▶ [Work request]:
Count every line in the following entries that holds the word "eigenvector". Only the number should be given.
══ Supplied data ══
(* Let $G=(V,E)$ be a connected simple graph with $n=|V|\ge 2$ vertices and let $\lambda_2(G)$ be the second smallest eigenvalue of its Laplacian. For vertices $u,v$ let $\mathbb{P}_{uv}=\{P^{(1)}_{uv},\dots,P^{(n_{uv})}_{uv}\}$ be the set of all shortest paths from $u$ to $v$ (so $n_{uv}=|\mathbb{P}_{uv}|\ge1$), and let $d(u,v)$ be their common length. Let $\alpha$ be a path weighting strategy, i.e. for every ordered pair $(u,v)$ a vector $\alpha_{uv}=(\alpha^{(1)}_{uv},\dots,\alpha^{(n_{uv})}_{uv})$ with $\alpha^{(q)}_{uv}\ge 0$ and $\sum_{q=1}^{n_{uv}}\alpha^{(q)}_{uv}=1$. For each edge $k\in E$ define the extended connection-graph-stability score $$C_k(\alpha)=\frac12\sum_{u\in V}\sum_{v\in V} d(u,v)\sum_{q=1}^{n_{uv}}\varphi^{(q)}_{uv}(k)\,\alpha^{(q)}_{uv},\qquad \varphi^{(q)}_{uv}(k)=\begin{cases}1 & k\in P^{(q)}_{uv},\\ 0&\text{otherwise,}\end{cases}$$ and let $C_{\max}(\alpha)=\max_{k\in E}C_k(\alpha)$. Then for every path weighting strategy $\alpha$, $$\lambda_2(G)\ \ge\ \frac{n}{C_{\max}(\alpha)}.$$
   Context: The Laplacian of $G$ is $L=D-A$ with $A$ the $0/1$ adjacency matrix and $D$ the diagonal degree matrix; eigenvalues $0=\lambda_1\le\lambda_2\le\dots\le\lambda_n$. The length of a path is its number of edges. For $u=v$ the only shortest path is the trivial one of length $0$, contributing nothing. *)

From HB Require Import structures.
From mathcomp Require Import all_boot all_order all_algebra.
Set Implicit Arguments. Unset Strict Implicit. Unset Printing Implicit Defensive.
Import Order.TTheory GRing.Theory Num.Theory.
Local Open Scope ring_scope.

Section Graph.
Variables (n : nat) (e : rel 'I_n).

Definition simple_graph : Prop := symmetric e /\ irreflexive e.

Definition connected_graph : Prop := forall u v : 'I_n, connect e u v.

(* a walk from u to v, given by the list p of vertices visited after u;
   its length (number of edges) is size p *)
Definition is_walk (u v : 'I_n) (p : seq 'I_n) : bool :=
  path e u p && (last u p == v).

(* d(u,v): the least m such that a walk of length m from u to v exists
   (searched among m < n, which suffices for connected graphs) *)
Definition dist (u v : 'I_n) : nat :=
  find (fun m => [exists p : m.-tuple 'I_n, is_walk u v p]) (iota 0 n).

Definition is_shortest_path (u v : 'I_n) (p : seq 'I_n) : bool :=
  (size p == dist u v) && is_walk u v p.

Definition edge_in_path (x y u : 'I_n) (p : seq 'I_n) : bool :=
  has (fun ab : 'I_n * 'I_n =>
         ((ab.1 == x) && (ab.2 == y)) || ((ab.1 == y) && (ab.2 == x)))
      (zip (u :: p) p).

Variable R : rcfType.

Definition laplacian : 'M[R]_n :=
  \matrix_(i, j) ((if i == j then #|[pred k | e i k]|%:R else 0) - (e i j)%:R).

(* path weighting strategy: alpha u v p is the weight of the shortest
   path p from u to v (values on non-shortest paths are irrelevant) *)
Definition weighting_strategy (alpha : 'I_n -> 'I_n -> seq 'I_n -> R) : Prop :=
  forall u v : 'I_n,
    (forall p : (dist u v).-tuple 'I_n, is_walk u v p -> 0 <= alpha u v p) /\
    \sum_(p : (dist u v).-tuple 'I_n | is_walk u v p) alpha u v p = 1.

Definition C_score (alpha : 'I_n -> 'I_n -> seq 'I_n -> R) (x y : 'I_n) : R :=
  2^-1 * \sum_(u : 'I_n) \sum_(v : 'I_n)
     (dist u v)%:R *
     \sum_(p : (dist u v).-tuple 'I_n | is_walk u v p)
        (edge_in_path x y u p)%:R * alpha u v p.

(* C_max = maximum over edges (ordered pairs (x,y) with e x y; the score is
   symmetric in x,y).  All scores are >= 0, so starting the max at 0 is harmless. *)
Definition C_max (alpha : 'I_n -> 'I_n -> seq 'I_n -> R) : R :=
  \big[Num.max/0]_(xy : 'I_n * 'I_n | e xy.1 xy.2) C_score alpha xy.1 xy.2.

End Graph.

Arguments weighting_strategy {n} e {R} alpha.
Arguments C_score {n} e {R} alpha x y.
Arguments C_max {n} e {R} alpha.

From HB Require Import structures.
From mathcomp Require Import all_boot all_order all_algebra.
From mathcomp Require Import ring.
Set Implicit Arguments. Unset Strict Implicit. Unset Printing Implicit Defensive.
Import Order.TTheory GRing.Theory Num.Theory.

(* 1. A shortest walk visits no vertex twice, so each undirected edge is
      traversed at most once along it.
   2. For f : V -> R and a shortest walk p from u to w, telescoping and
      Cauchy-Schwarz give  2 (f u - f w)^2 <= d(u,w) * sum_{k in p} 2 (df_k)^2,
      where df_k is the difference of f across edge k.
   3. Averaging over the shortest u-w paths with weights alpha_uw and summing
      over (u,w), the coefficient of (df_k)^2 becomes 4 C_k(alpha) <= 4 C_max,
      while for sum f = 0 the left side is 4 n sum f^2 (Lagrange identity).
      Since f^T L f = sum_k (df_k)^2, this is  n |f|^2 <= C_max f^T L f.
   4. Applied to an eigenvector orthogonal to the all-ones vector this gives
      lambda >= n / C_max.  A fixed shear similarity splits the all-ones
      eigenvector off L: char_poly L = X * char_poly B, and every eigenvalue
      of B has such an eigenvector.  Since the sorted spectrum is 0 followed
      by the roots of char_poly B, lambda_2 is one of them. *)

Local Open Scope ring_scope.

Section ShortestWalks.
Variables (n : nat) (e : rel 'I_n).

Lemma walk_shortcut (u : 'I_n) (p : seq 'I_n) :
  path e u p -> ~~ uniq (u :: p) ->
  exists q, [&& path e u q, last u q == last u p & size q < size p]%N.
Proof.
elim: p u => [|x p IH] u // upath.
case: (boolP (u \in x :: p)) => [ux _ | ux].
  move: (x :: p) ux upath => r /splitPr[p1 p2].
  rewrite cat_path /= => /and3P[_ _ p2path].
  exists p2; apply/and3P; split => //; first by rewrite last_cat.
  by rewrite size_cat /= addnS ltnS leq_addl.
move: upath => /= /andP[eux pxp]; rewrite ux /= => not_uniq.
have [q /and3P[qpath qlast qsize]] := IH x pxp not_uniq.
by exists (x :: q); rewrite /= eux qpath qlast ltnS.
Qed.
═══
▶ [Finished task]:
3